(* The poset $(P;\leq)$ defined below is not representable.
   Context: Let $P=\{p\}\cup\{p_{i_0,\ldots,i_n}: 0\le n<\omega,\ i_0,\ldots,i_n\in\omega\}$ (all these symbols distinct). Let $\le$ be the reflexive–transitive closure of the following strict relations: (0) for all $0\le j<i<\omega$: $p<p_i<p_j$; (E) for all $r\ge 0$, all $i_0,\ldots,i_{2r}\in\omega$, all $k\le i_{2r}$ and all $i<j<\omega$: $p_{i_0,\ldots,i_{2r},i}<p_{i_0,\ldots,i_{2r},j}<p_{i_0,\ldots,i_{2r-1},k}$ (for $r=0$ the last element is $p_k$); (O) for all $r\ge0$, all $i_0,\ldots,i_{2r+1}\in\omega$, all $k\le i_{2r+1}$ and all $j<i<\omega$: $p_{i_0,\ldots,i_{2r},k}<p_{i_0,\ldots,i_{2r+1},i}<p_{i_0,\ldots,i_{2r+1},j}$. This $\le$ is a partial order. A poset is representable if it is order-isomorphic to the poset of prime ideals (ordered by inclusion) of a bounded distributive lattice, equivalently iff there is a topology $\tau$ on it which is compact and such that whenever $x\not\ge y$ there is a clopen down-set containing $x$ but not $y$. *)

From HB Require Import structures.
From mathcomp Require Import all_boot all_order.
From Stdlib Require Import Relation_Operators.
Set Implicit Arguments. Unset Strict Implicit. Unset Printing Implicit Defensive.

(** The carrier of the poset P: the point p, and the points p_{i_0,...,i_n}.
    [Pn i0 s] stands for p_{i0, s_0, ..., s_{m-1}}. *)
Inductive Pt : Type :=
| Pp : Pt
| Pn : nat -> seq nat -> Pt.

(** [pp t i] is the point p_{t, i}, i.e. p_{t_0,...,t_{m-1}, i}
    (for t = [::] this is p_i). Every p_{i_0..i_n} is [pp [:: i_0..i_{n-1}] i_n]. *)
Definition pp (t : seq nat) (i : nat) : Pt :=
  match t with
  | [::] => Pn i [::]
  | x :: s => Pn x (rcons s i)
  end.

(** The generating strict relations (0), (E), (O).  In (E) and (O) the
    tuple (i_0,...,i_m) is written [rcons u l], so [l] is its last entry
    and [u] the tuple with the last entry removed. *)
Inductive gen : Pt -> Pt -> Prop :=
| gen0a (i : nat) : gen Pp (pp [::] i)
| gen0b (i j : nat) : j < i -> gen (pp [::] i) (pp [::] j)
(* (E): tuple (i_0,...,i_{2r}) = rcons u l of odd length, i.e. size u even *)
| genE1 (u : seq nat) (l i j : nat) :
    ~~ odd (size u) -> i < j -> gen (pp (rcons u l) i) (pp (rcons u l) j)
| genE2 (u : seq nat) (l k j : nat) :
    ~~ odd (size u) -> k <= l -> gen (pp (rcons u l) j) (pp u k)
(* (O): tuple (i_0,...,i_{2r+1}) = rcons u l of even length, i.e. size u odd *)
| genO1 (u : seq nat) (l k i : nat) :
    odd (size u) -> k <= l -> gen (pp u k) (pp (rcons u l) i)
| genO2 (u : seq nat) (l i j : nat) :
    odd (size u) -> j < i -> gen (pp (rcons u l) i) (pp (rcons u l) j).

Definition Ple : Pt -> Pt -> Prop := clos_refl_trans Pt gen.

Local Open Scope order_scope.

Definition prime_ideal {d : Order.disp_t} {L : tbDistrLatticeType d}
  (I : L -> Prop) : Prop :=
  [/\ (forall x y : L, I y -> x <= y -> I x),
      I \bot,
      (forall x y : L, I x -> I y -> I (x `|` y)),
      ~ I \top
    & (forall x y : L, I (x `&` y) -> I x \/ I y)].

Definition representable (T : Type) (le : T -> T -> Prop) : Prop :=
  exists (d : Order.disp_t) (L : tbDistrLatticeType d) (f : T -> L -> Prop),
    [/\ (forall x, prime_ideal (f x)),
        (forall I : L -> Prop, prime_ideal I -> exists x, forall a, I a <-> f x a)
      & (forall x y, le x y <-> (forall a, f x a -> f y a))].

From mathcomp Require Import all_boot all_order.
From mathcomp Require Import zify boolp classical_sets filter.
From Stdlib Require Import Relation_Operators Lia.

(* Write p_{v,i} for the point with coordinates v ++ [i].
   For v of even length the children p_{v,i,j} increase with j and their
   supremum in P is p_{v,i}; for v of odd length they decrease and their
   infimum is p_{v,i}; consecutive children are distinct.  These facts follow
   from an explicit description of the up-set (resp. down-set) of a child,
   the [cone], checked generator by generator.

   Suppose x |-> f x is an order-isomorphism from P onto
   the prime ideals of a bounded distributive lattice L, and fix a
   non-principal ultrafilter U on nat.  The U-limit of a sequence of prime
   ideals is prime, hence is f z for some point z; applied to the children of
   p_{v,i}, this shows that f preserves the suprema and infima above.  So a
   basic condition "a in f x, b not in f x" satisfied by x = p_{v,i} is
   satisfied by almost all children of x, and since two children have
   different ideals one of them can be further constrained to exclude any
   given point q.  Enumerating P (which is countable) we build a sequence of
   ever stronger conditions excluding every point in turn; the U-limit z of
   the corresponding points satisfies all of them, so it excludes itself. *)

Set Implicit Arguments.
Unset Strict Implicit.
Unset Printing Implicit Defensive.

Import Order.LTheory.

Definition coords (x : Pt) : seq nat :=
  match x with Pp => [::] | Pn a s => a :: s end.

Lemma coords_p : coords Pp = [::].
Proof. by []. Qed.

Lemma coords_pp t i : coords (pp t i) = rcons t i.
Proof. by case: t. Qed.

Lemma coords_inj : injective coords.
Proof. by case=> [|a s] [|b r] //= [-> ->]. Qed.

Lemma Ple_gen x y : gen x y -> Ple x y.
Proof. exact: rt_step. Qed.

Lemma Ple_refl x : Ple x x.
Proof. exact: rt_refl. Qed.

Lemma Ple_trans y x z : Ple x y -> Ple y z -> Ple x z.
Proof. exact: rt_trans. Qed.

Lemma Ple_upclosed (S : Pt -> Prop) x y :
  (forall a b, gen a b -> S a -> S b) -> S x -> Ple x y -> S y.
Proof. by move=> Sgen Sx Pxy; elim: Pxy Sx => // a b c _ IHab _ IHbc /IHab. Qed.

Lemma Ple_downclosed (S : Pt -> Prop) x y :
  (forall a b, gen a b -> S b -> S a) -> S y -> Ple x y -> S x.
Proof. by move=> Sgen Sy Pxy; elim: Pxy Sy => // a b c _ IHab _ IHbc /IHbc. Qed.

Lemma siblings_up v : odd (size v) -> {homo pp v : k l / k <= l >-> Ple k l}.
Proof.
case/lastP: v => [//|u x]; rewrite size_rcons /= => hu.
apply: (homo_leq (f := pp (rcons u x)) Ple_refl Ple_trans) => n.
exact/Ple_gen/genE1.
Qed.

Lemma siblings_down v : ~~ odd (size v) -> {homo pp v : k l / k <= l >-> Ple l k}.
Proof.
move=> hv; apply: (homo_leq (f := pp v) (r := fun a b => Ple b a)) => [x|y x z hyx hzy|n].
- exact: Ple_refl.
- exact: Ple_trans hzy hyx.
case/lastP: v hv => [_|u x]; first exact/Ple_gen/gen0b.
by rewrite size_rcons /= negbK => hu; apply/Ple_gen/genO2.
Qed.

Lemma child_below v i j : ~~ odd (size v) -> Ple (pp (rcons v i) j) (pp v i).
Proof. by move=> hv; apply/Ple_gen/genE2. Qed.

Lemma child_above v i j : odd (size v) -> Ple (pp v i) (pp (rcons v i) j).
Proof. by move=> hv; apply/Ple_gen/genO1. Qed.

(* The region of P that is reachable from p_{v,i,j} by going up when v has
   even length, or by going down when v has odd length: later (resp. earlier)
   siblings p_{v,i,k}, k >= j, their children, and the points p_{v,k}, k <= i. *)
Definition cone v i j z :=
  (exists k, j <= k /\ coords z = rcons (rcons v i) k) \/
  (exists k m, j <= k /\ coords z = rcons (rcons (rcons v i) k) m) \/
  (exists k, k <= i /\ coords z = rcons v k).

Lemma rcons_neq_nil (s : seq nat) x : rcons s x <> [::].
Proof. by case: s. Qed.

Lemma rcons_neq_self (s : seq nat) x : rcons s x <> s.
Proof. by move/(congr1 size); rewrite size_rcons; lia. Qed.

Lemma rcons2_neq_self (s : seq nat) x y : rcons (rcons s x) y <> s.
Proof. by move/(congr1 size); rewrite !size_rcons; lia. Qed.

Ltac solve_rcons_eqs :=
  repeat match goal with
  | H : rcons _ _ = [::] |- _ => by case: (rcons_neq_nil H)
  | H : [::] = rcons _ _ |- _ => by case: (rcons_neq_nil (esym H))
  | H : rcons ?s _ = ?s |- _ => by case: (rcons_neq_self H)
  | H : ?s = rcons ?s _ |- _ => by case: (rcons_neq_self (esym H))
  | H : rcons (rcons ?s _) _ = ?s |- _ => by case: (rcons2_neq_self H)
  | H : ?s = rcons (rcons ?s _) _ |- _ => by case: (rcons2_neq_self (esym H))
  | H : rcons _ _ = rcons _ _ |- _ => case/rcons_inj: H; intros
  | H : ?x = ?y |- _ => (subst x || subst y)
  end.

Ltac solve_cone :=
  first [ by left; eexists; split; [|reflexivity]; lia
        | by right; left; do 2 eexists; split; [|reflexivity]; lia
        | by right; right; eexists; split; [|reflexivity]; lia ].

Lemma cone_gen v i j a b : gen a b ->
  (~~ odd (size v) -> cone v i j a -> cone v i j b) /\
  (odd (size v) -> cone v i j b -> cone v i j a).
Proof.
case=> [i0 | i0 j0 lt | u l i0 j0 hu lt | u l k0 j0 hu le | u l k0 i0 hu le
       | u l i0 j0 hu lt]; split=> hv; rewrite /cone ?coords_pp;
  case=> [[k [hk E]] | [[k [m [hk E]]] | [k [hk E]]]];
  rewrite ?coords_pp ?coords_p in E; solve_rcons_eqs.
all: try (move: hv hu; rewrite ?size_rcons /= ?negbK; by case: (odd _)).
all: try (move: hv; rewrite ?size_rcons /= ?negbK; by case: (odd _)).
all: solve_cone.
Qed.

Lemma cone_up v i j z : ~~ odd (size v) -> Ple (pp (rcons v i) j) z -> cone v i j z.
Proof.
move=> hv; apply: Ple_upclosed; last by left; exists j; rewrite coords_pp.
by move=> a b /(cone_gen v i j) [/(_ hv)].
Qed.

Lemma cone_down v i j z : odd (size v) -> Ple z (pp (rcons v i) j) -> cone v i j z.
Proof.
move=> hv; apply: Ple_downclosed; last by left; exists j; rewrite coords_pp.
by move=> a b /(cone_gen v i j) [_ /(_ hv)].
Qed.

Lemma cones_meet v i z : (forall j, cone v i j z) -> exists2 k, k <= i & z = pp v k.
Proof.
move=> Hz; case: (Hz 0) => [[k [_ E]] | [[k [m [_ E]]] | [k [hk E]]]].
- by case: (Hz k.+1) => [[k' [? E']] | [[k' [m' [_ E']]] | [k' [_ E']]]];
    rewrite E' in E; solve_rcons_eqs; lia.
- by case: (Hz k.+1) => [[k' [_ E']] | [[k' [m' [? E']]] | [k' [_ E']]]];
    rewrite E' in E; solve_rcons_eqs; lia.
- by exists k => //; apply: coords_inj; rewrite coords_pp.
Qed.

Lemma children_sup v i z :
  ~~ odd (size v) -> (forall j, Ple (pp (rcons v i) j) z) -> Ple (pp v i) z.
Proof.
move=> hv Hz; have [k hk ->] := cones_meet (fun j => cone_up hv (Hz j)).
exact: siblings_down.
Qed.

Lemma children_inf v i z :
  odd (size v) -> (forall j, Ple z (pp (rcons v i) j)) -> Ple z (pp v i).
Proof.
move=> hv Hz; have [k hk ->] := cones_meet (fun j => cone_down hv (Hz j)).
exact: siblings_up.
Qed.

Lemma children_distinct v i j :
  Ple (pp (rcons v i) j) (pp (rcons v i) j.+1) ->
  Ple (pp (rcons v i) j.+1) (pp (rcons v i) j) -> False.
Proof.
move=> Hup Hdown; have : cone v i j.+1 (pp (rcons v i) j).
  by case hv: (odd (size v)); [exact: cone_down | apply: cone_up; rewrite ?hv].
rewrite /cone coords_pp.
by case=> [[k [? E]] | [[k [m [_ E]]] | [k [_ E]]]]; solve_rcons_eqs; lia.
Qed.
################
Lines above with "length" in them are the ones to copy.

(* (E): tuple (i_0,...,i_{2r}) = rcons u l of odd length, i.e. size u even *)
(* (O): tuple (i_0,...,i_{2r+1}) = rcons u l of even length, i.e. size u odd *)
   For v of even length the children p_{v,i,j} increase with j and their
   supremum in P is p_{v,i}; for v of odd length they decrease and their
   even length, or by going down when v has odd length: later (resp. earlier)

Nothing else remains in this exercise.